For example, in the 1980s in the United States, women miners’ changing rooms were smeared with feces by male miners, and even semen was mixed into their lunches, and after these things were exposed, it was the women miners who were collectively fired. For another example, the admission of male babies with reduced scores in military and police academies is already well known. And female soldiers’ recruitment will even require college entrance examination scores, and some areas even require the college entrance examination to reach above the first-tier line, and the physical examination is also more stringent. What are the standards for recruiting male soldiers?

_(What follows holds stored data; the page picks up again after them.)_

(* Consider the liquidation problem of the context, let $t\in[0,T)$ and $x\in\mathbb{R}^n$, and write $v(t,x;\Lambda)$ for the value function as a function of the price impact matrix. (i) $v(t,x;\Lambda)$ is increasing in $\Lambda$, i.e. $\Lambda\le\tilde\Lambda$ (in the Loewner order) implies $v(t,x;\Lambda)\le v(t,x;\tilde\Lambda)$. (ii) Let $\Lambda=\operatorname{diag}(\lambda_1,\dots,\lambda_n)$. For $i=1,\dots,n$, $v(t,x;\lambda_i)/\lambda_i$ is decreasing in $\lambda_i$ (the other parameters held fixed).
   Context: Model: fix $T>0$, $n\ge1$, $\alpha\ge0$, a symmetric positive definite $\Lambda\in\mathbb{R}^{n\times n}$ and a symmetric nonnegative definite $\Sigma$. On a filtered probability space, $\tilde P$ is an $n$-dimensional square-integrable càdlàg martingale with $\mathrm{Cov}(\tilde P_i(t),\tilde P_j(t))=t\Sigma_{i,j}$, and $\pi=(\pi_1,\dots,\pi_n)$ has independent Poisson components with intensities $\theta_i\ge0$, independent of $\tilde P$; filtration = completion of $\sigma(\tilde P(s),\pi(r):s\le t,r<t)$. Strategies $u=(\xi,\eta)$ on $[t,T)$ ($\xi$ progressively measurable, $\eta$ predictable) control $dX^u=-\xi ds-\eta\,d\pi$, $X^u(t)=x$; $\mathbb{A}(t,x)$ consists of those with a unique solution, $\mathbb{E}\int_t^T\|\xi\|_2^4<\infty$, $\mathbb{E}\int_t^T\|\eta\|_2^8<\infty$, $\eta_i\equiv0$ if $\theta_i=0$, and $\lim_{s\to T-}X^u(s)=0$ a.s. The value function is $v(t,x)=\inf_{u\in\mathbb{A}(t,x)}\mathbb{E}\big[\int_t^T(\xi^\top\Lambda\xi+\alpha X^{u\top}\Sigma X^u)ds\big]$. *)

From HB Require Import structures.
From mathcomp Require Import all_boot all_order all_algebra.
From mathcomp Require Import all_classical all_reals all_analysis.
Set Implicit Arguments. Unset Strict Implicit. Unset Printing Implicit Defensive.
Import Order.TTheory GRing.Theory Num.Theory.
Import numFieldNormedType.Exports.
Local Open Scope classical_set_scope.
Local Open Scope ring_scope.

Section Liquidation.
Context {R : realType} {d : measure_display} {Omega : measurableType d}.
Variable (P : probability Omega R).

Definition qform {n} (A : 'M[R]_n) (v : 'cV[R]_n) : R := (v^T *m A *m v) 0 0.
Definition sym_mx {n} (A : 'M[R]_n) := A^T = A.
Definition posdef {n} (A : 'M[R]_n) := sym_mx A /\ forall v, v != 0 -> 0 < qform A v.
Definition psd {n} (A : 'M[R]_n) := sym_mx A /\ forall v, 0 <= qform A v.
Definition loewner_le {n} (A B : 'M[R]_n) := forall v, qform A v <= qform B v.

Definition rv_sets (f : Omega -> R) : set (set Omega) :=
  [set f @^-1` B | B in [set B : set R | measurable B]].

Definition completion (G : set (set Omega)) : set (set Omega) :=
  [set A | exists B C, G B /\ measurable C /\ P C = 0%E /\
                      (A `\` B) `|` (B `\` A) `<=` C].

Definition indep_family (I : finType) (G : I -> set (set Omega)) :=
  forall (J : {set I}) (A : I -> set Omega),
    (forall i, i \in J -> G i (A i) /\ measurable (A i)) ->
    P (\bigcap_(i in [set i | i \in J]) A i) = (\prod_(i in J) P (A i))%E.

Definition cadlag_on (T : R) (f : R -> R) :=
  (forall s, 0 <= s < T -> f r @[r --> s^'+] --> f s) /\
  (forall s, 0 < s <= T -> cvg (f r @[r --> s^'-])).

Definition pmf_poisson (r : R) (k : nat) : R := expR (- r) * r ^+ k / (k`!)%:R.

Definition poisson_process (T th : R) (N : R -> Omega -> nat) :=
  (forall w, N 0 w = 0%N) /\
  (forall w s u, 0 <= s <= u -> u <= T -> (N s w <= N u w)%N) /\
  (forall w s, 0 <= s < T -> exists2 e : R, 0 < e &
        forall r, s <= r < s + e -> N r w = N s w) /\
  (forall w s, 0 < s <= T -> exists2 e : R, 0 < e &
        forall r, s - e < r < s -> (N s w <= (N r w).+1)%N) /\
  (forall s u m, 0 <= s <= u -> u <= T ->
        measurable [set w | (N u w - N s w)%N = m] /\
        P [set w | (N u w - N s w)%N = m] = (pmf_poisson (th * (u - s)) m)%:E) /\
  (forall (k : nat) (s : nat -> R) (m : nat -> nat),
        0 <= s 0%N -> (forall j, (j < k)%N -> s j <= s j.+1) -> s k <= T ->
        P (\bigcap_(j in `I_k) [set w | (N (s j.+1) w - N (s j) w)%N = m j]) =
        (\prod_(j < k) P [set w | (N (s j.+1) w - N (s j) w)%N = m j])%E).

Section Market.
Variables (n : nat) (T alpha : R) (Sigma : 'M[R]_n) (theta : 'I_n -> R)
          (Pt : R -> Omega -> 'cV[R]_n) (Pi : R -> Omega -> 'I_n -> nat).

Definition Ptc i s := fun w => Pt s w i 0.
Definition Pic i s := fun w => ((Pi s w i)%:R : R).

Definition gen_sets (t : R) : set (set Omega) :=
  [set A | exists i s, 0 <= s <= t /\ rv_sets (Ptc i s) A] `|`
  [set A | exists i r, 0 <= r < t /\ rv_sets (Pic i r) A].

Definition Filt (t : R) : set (set Omega) := completion (<<s gen_sets t >>).

Definition sigma_Pt : set (set Omega) :=
  <<s [set A | exists i s, 0 <= s <= T /\ rv_sets (Ptc i s) A] >>.
Definition sigma_Pi (i : 'I_n) : set (set Omega) :=
  <<s [set A | exists r, 0 <= r <= T /\ rv_sets (Pic i r) A] >>.

Definition market_hyp :=
  (* Pt: square-integrable cadlag martingale w.r.t. Filt with Cov = t Sigma *)
  (forall i s, 0 <= s <= T -> measurable_fun setT (Ptc i s) /\
      P.-integrable setT (EFin \o Ptc i s) /\
      P.-integrable setT (EFin \o (fun w => Ptc i s w ^+ 2))) /\
  (forall i w, cadlag_on T (fun s => Ptc i s w)) /\
  (forall i s u A, 0 <= s <= u -> u <= T -> measurable A -> Filt s A ->
      (\int[P]_(w in A) (Ptc i u w - Ptc i s w)%:E = 0)%E) /\
  (forall i j s, 0 <= s <= T -> covariance P (Ptc i s) (Ptc j s) = (s * Sigma i j)%:E) /\
  (* independent Poisson components, independent of Pt *)
  (forall i, 0 <= theta i) /\
  (forall i, poisson_process T (theta i) (fun s w => Pi s w i)) /\
  indep_family (fun o : option 'I_n => if o is Some i then sigma_Pi i else sigma_Pt).

Definition jump_time (i : 'I_n) (k : nat) (w : Omega) : R :=
  inf [set r : R | (k <= Pi r w i)%N].

(* pathwise integral  int_(t,s] eta_i dPi_i  for the counting path Pi_i *)
Definition count_int (eta : R -> Omega -> 'cV[R]_n) (t s : R) (w : Omega) (i : 'I_n) : R :=
  \sum_((Pi t w i).+1 <= k < (Pi s w i).+1) eta (jump_time i k w) w i 0.

Definition state (xi eta : R -> Omega -> 'cV[R]_n) (t : R) (x : 'cV[R]_n) (s : R) (w : Omega)
  : 'cV[R]_n :=
  x - \col_i (Rintegral lebesgue_measure `[t, s] (fun r => xi r w i 0))
    - \col_i (count_int eta t s w i).

Definition progressive (t : R) (xi : R -> Omega -> 'cV[R]_n) :=
  forall s i (B : set R), t <= s < T -> measurable B ->
    <<s [set A `*` C | A in [set A : set R | measurable A] & C in Filt s] >>
      [set p : R * Omega | t <= p.1 <= s /\ B (xi p.1 p.2 i 0)].

Definition pred_rects (t : R) : set (set (R * Omega)) :=
  [set `[t, t] `*` C | C in Filt t] `|`
  [set S | exists a b C, t <= a /\ a < b /\ b <= T /\ Filt a C /\ S = `]a, b] `*` C].

Definition predictable (t : R) (eta : R -> Omega -> 'cV[R]_n) :=
  forall i (B : set R), measurable B ->
    <<s pred_rects t >> [set p : R * Omega | t <= p.1 < T /\ B (eta p.1 p.2 i 0)].

Definition admissible (t : R) (x : 'cV[R]_n)
  (u : (R -> Omega -> 'cV[R]_n) * (R -> Omega -> 'cV[R]_n)) : Prop :=
  let xi := u.1 in let eta := u.2 in
  progressive t xi /\ predictable t eta /\
  (* existence (and uniqueness) of the solution of dX = -xi ds - eta dPi *)
  {ae P, forall w, forall s i, t <= s < T ->
      lebesgue_measure.-integrable `[t, s] (EFin \o (fun r => xi r w i 0))} /\
  (\int[P]_w \int[lebesgue_measure]_(s in `[t, T[)
      (((\sum_i (xi s w i 0) ^+ 2) ^+ 2)%:E) < +oo)%E /\
  (\int[P]_w \int[lebesgue_measure]_(s in `[t, T[)
      (((\sum_i (eta s w i 0) ^+ 2) ^+ 4)%:E) < +oo)%E /\
  (forall i, theta i = 0 -> forall s w, t <= s < T -> eta s w i 0 = 0) /\
  {ae P, forall w, forall i, (state xi eta t x s w i 0) @[s --> T^'-] --> 0}.

Definition cost (Lambda : 'M[R]_n) (t : R) (x : 'cV[R]_n)
  (u : (R -> Omega -> 'cV[R]_n) * (R -> Omega -> 'cV[R]_n)) : \bar R :=
  (\int[P]_w \int[lebesgue_measure]_(s in `[t, T[)
     ((qform Lambda (u.1 s w) + alpha * qform Sigma (state u.1 u.2 t x s w))%:E))%E.

Definition value (t : R) (x : 'cV[R]_n) (Lambda : 'M[R]_n) : \bar R :=
  ereal_inf [set cost Lambda t x u | u in admissible t x].

End Market.
End Liquidation.

(** Both statements follow from one pathwise comparison of costs.  If
    [qform L' v <= k * qform L v] for all [v] with [k >= 1], then the running
    cost of every strategy under [L'] is at most [k] times its cost under [L],
    because the risk term [alpha * qform Sigma X] does not depend on the impact
    matrix; hence [v(L') <= k * v(L)] (infimum over the same admissible set).
    The Loewner order gives this with [k = 1].  For a diagonal [L] and
    [li <= li'], replacing [li] by [li'] multiplies the [i]-th diagonal entry by
    [k = li' / li >= 1] and the others by [1 <= k], so
    [v(li') <= (li' / li) v(li)], i.e. [v(li') / li' <= v(li) / li]. *)
From HB Require Import structures.
From mathcomp Require Import all_boot all_order all_algebra.
From mathcomp Require Import all_classical all_reals all_analysis.
Import Order.TTheory GRing.Theory Num.Theory.
Local Open Scope classical_set_scope.
Local Open Scope ring_scope.

(* The integrands of [cost] are not known to be measurable, so the library's
   [ge0_le_integral] and [ge0_integralZl] do not apply; for nonnegative
   integrands both facts follow directly from the definition of the integral
   as a supremum of integrals of simple functions. *)
Section nonneg_integral_nonmeasurable.
Context {d : measure_display} {T : measurableType d} {R : realType}.
Variable mu : {measure set T -> \bar R}.
Local Open Scope ereal_scope.
Import HBNNSimple.

Lemma ge0_le_integral_nonmeasurable (D : set T) (f g : T -> \bar R) :
  (forall x, D x -> 0 <= f x) -> (forall x, D x -> f x <= g x) ->
  \int[mu]_(x in D) f x <= \int[mu]_(x in D) g x.
Proof.
move=> f0 fg.
have g0 x : D x -> 0 <= g x by move=> Dx; exact: le_trans (f0 x Dx) (fg x Dx).
rewrite (ge0_integralE mu f0) (ge0_integralE mu g0).
apply: ge_ereal_sup => _ [h hf <-]; apply: ereal_sup_ubound; exists h => //= x.
apply: le_trans (hf x) _; rewrite /restrict; case: ifP => // /set_mem Dx.
exact: fg.
Qed.

Lemma ge0_integralZl_le_nonmeasurable (D : set T) (f : T -> \bar R) (k : R) :
  (0 < k)%R -> (forall x, D x -> 0 <= f x) ->
  \int[mu]_(x in D) (k%:E * f x) <= k%:E * \int[mu]_(x in D) f x.
Proof.
move=> k0 f0.
have kf0 x : D x -> 0 <= k%:E * f x.
  by move=> Dx; apply: mule_ge0; [rewrite lee_fin ltW | exact: f0].
rewrite (ge0_integralE mu kf0) (ge0_integralE mu f0).
apply: ge_ereal_sup => _ [h hf <-].
have kV0 : (0 <= k^-1)%R by rewrite invr_ge0 ltW.
pose hk := scale_nnsfun h kV0.
have -> : sintegral mu h = k%:E * sintegral mu hk.
  by rewrite sintegralrM muleA -EFinM mulfV ?gt_eqF // mul1e.
rewrite lee_pmul2l ?lte_fin //; apply: ereal_sup_ubound; exists hk => //= x.
have := hf x; rewrite /restrict /= EFinM; case: ifP => _ hx.
  apply: le_trans (lee_wpmul2l _ hx) _; first by rewrite lee_fin.
  by rewrite muleA -EFinM mulVf ?gt_eqF // mul1e.
apply: le_trans (lee_wpmul2l _ hx) _; first by rewrite lee_fin.
by rewrite [X in _ * X]/point /= mule0.
Qed.

End nonneg_integral_nonmeasurable.

Section quadratic_forms.
Context {R : realType} {n : nat}.

Lemma qform0 (A : 'M[R]_n) : qform A 0 = 0.
Proof. by rewrite /qform trmx0 !mul0mx mxE. Qed.

Lemma posdef_qform_ge0 (A : 'M[R]_n) v : posdef A -> 0 <= qform A v.
Proof.
move=> [_ A0]; have [->|v0] := eqVneq v 0; first by rewrite qform0.
exact/ltW/A0.
Qed.

Lemma qform_diag (r : 'rV[R]_n) v : qform (diag_mx r) v = \sum_j r 0 j * v j 0 ^+ 2.
Proof.
rewrite /qform mul_mx_diag mxE; apply: eq_bigr => j _.
by rewrite !mxE mulrA [_ * r 0 j]mulrC -mulrA.
Qed.

Lemma qform_diag_ge0 (r : 'rV[R]_n) v :
  (forall j, 0 <= r 0 j) -> 0 <= qform (diag_mx r) v.
Proof.
by move=> r0; rewrite qform_diag; apply: sumr_ge0 => j _; rewrite mulr_ge0 ?sqr_ge0.
Qed.

Lemma qform_diag_le_scale (r r' : 'rV[R]_n) (k : R) v :
  (forall j, r' 0 j <= k * r 0 j) ->
  qform (diag_mx r') v <= k * qform (diag_mx r) v.
Proof.
move=> rr'; rewrite !qform_diag mulr_sumr; apply: ler_sum => j _.
by rewrite mulrA ler_wpM2r ?sqr_ge0.
Qed.

End quadratic_forms.

Section value_comparison.
Context {R : realType} {d : measure_display} {Omega : measurableType d}.
Variables (P : probability Omega R) (n : nat) (T alpha : R) (Sigma : 'M[R]_n)
  (theta : 'I_n -> R) (Pt : R -> Omega -> 'cV[R]_n) (Pi : R -> Omega -> 'I_n -> nat).
Hypotheses (alpha_ge0 : 0 <= alpha) (Sigma_psd : psd Sigma).
Local Open Scope ereal_scope.

Lemma cost_le_scale (L L' : 'M[R]_n) (k : R) t x u :
  (1 <= k)%R -> (forall v, 0 <= qform L' v)%R ->
  (forall v, qform L' v <= k * qform L v)%R ->
  cost P T alpha Sigma Pi L' t x u <= k%:E * cost P T alpha Sigma Pi L t x u.
Proof.
move=> k1 L'0 L'L; have k0 : (0 < k)%R by exact: lt_le_trans k1.
have risk0 X : (0 <= alpha * qform Sigma X)%R by rewrite mulr_ge0 //; case: Sigma_psd.
have L0 v : (0 <= qform L v)%R.
  by rewrite -(pmulr_rge0 _ k0); exact: le_trans (L'0 v) (L'L v).
rewrite /cost; apply: le_trans (ge0_integralZl_le_nonmeasurable _ _ _ _ k0 _); last first.
  by move=> w _; apply: integral_ge0 => s _; rewrite lee_fin addr_ge0.
apply: ge0_le_integral_nonmeasurable => [w _|w _].
  by apply: integral_ge0 => s _; rewrite lee_fin addr_ge0.
apply: le_trans (ge0_integralZl_le_nonmeasurable _ _ _ _ k0 _); last first.
  by move=> s _; rewrite lee_fin addr_ge0.
apply: ge0_le_integral_nonmeasurable => [s _|s _]; rewrite lee_fin ?addr_ge0 //.
by rewrite mulrDr lerD // ler_peMl.
Qed.

Lemma value_le_scale (L L' : 'M[R]_n) (k : R) t x :
  (1 <= k)%R -> (forall v, 0 <= qform L' v)%R ->
  (forall v, qform L' v <= k * qform L v)%R ->
  value P T alpha Sigma theta Pt Pi t x L' <=
    k%:E * value P T alpha Sigma theta Pt Pi t x L.
Proof.
move=> k1 L'0 L'L; have k0 : (0 < k)%R by exact: lt_le_trans k1.
rewrite -lee_pdivrMl //; apply/ereal_infP => _ [u adm_u <-].
rewrite lee_pdivrMl //; apply: le_trans (@cost_le_scale L L' k t x u k1 L'0 L'L).
by apply: ereal_inf_lbound; exists u.
Qed.

End value_comparison.

Theorem proposition4p11 (R : realType) (d : measure_display) (Omega : measurableType d)
  (P : probability Omega R) (n : nat) (T alpha : R) (Sigma : 'M[R]_n)
  (theta : 'I_n -> R) (Pt : R -> Omega -> 'cV[R]_n) (Pi : R -> Omega -> 'I_n -> nat)
  (t : R) (x : 'cV[R]_n) :
  (0 < n)%N -> 0 < T -> 0 <= alpha -> psd Sigma ->
  market_hyp P T Sigma theta Pt Pi ->
  0 <= t < T ->
  (forall Lambda Lambda' : 'M[R]_n, posdef Lambda -> posdef Lambda' ->
     loewner_le Lambda Lambda' ->
     (value P T alpha Sigma theta Pt Pi t x Lambda
        <= value P T alpha Sigma theta Pt Pi t x Lambda')%E) /\
  (forall (lam : 'I_n -> R) (i : 'I_n) (li li' : R),
     (forall j, 0 < lam j) -> 0 < li -> li <= li' ->
     let L := fun l : R => diag_mx (\row_j (if j == i then l else lam j)) in
     (value P T alpha Sigma theta Pt Pi t x (L li') * (li'^-1)%:E
        <= value P T alpha Sigma theta Pt Pi t x (L li) * (li^-1)%:E)%E).
Proof.
move=> _ _ alpha0 Sigma_psd _ _.
have value_le := value_le_scale P n T alpha Sigma theta Pt Pi alpha0 Sigma_psd.
split.
  move=> L L' L_pd _ LL'; rewrite -[X in (_ <= X)%E]mul1e.
  apply: value_le => // v; [exact: posdef_qform_ge0 | by rewrite mul1r].
move=> lam i li li' lam0 li0 lili'; cbv zeta; set L := (fun l : R => _).
have li'0 : 0 < li' by exact: lt_le_trans lili'.
have k1 : 1 <= li' / li by rewrite ler_pdivlMr // mul1r.
have L_ge0 v : 0 <= qform (L li') v.
  by apply: qform_diag_ge0 => j; rewrite mxE; case: eqP => _; exact: ltW.
have L_le v : qform (L li') v <= li' / li * qform (L li) v.
  apply: qform_diag_le_scale => j; rewrite !mxE; case: eqP => _.
    by rewrite mulfVK ?gt_eqF.
  exact: ler_peMl (ltW (lam0 _)) k1.
apply: le_trans (lee_wpmul2r _ (value_le _ _ _ t x k1 L_ge0 L_le)) _.
  by rewrite lee_fin invr_ge0 ltW.
by rewrite muleAC -EFinM mulrAC mulfV ?gt_eqF // mul1r muleC.
Qed.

Therefore, what men say, “Why haven’t we seen women working as miners to defend the country”, is completely disregarding the facts and then biting back. First, women are prohibited from entering, and then it is said that there are no women in this field because women are not capable.

And when they encounter successful women, they will say, “What does it have to do with you feminists that other women are great”:

But when they see other men working in mines and serving in the army, they immediately feel that this is equivalent to themselves working in mines and serving in the army. They have said it all.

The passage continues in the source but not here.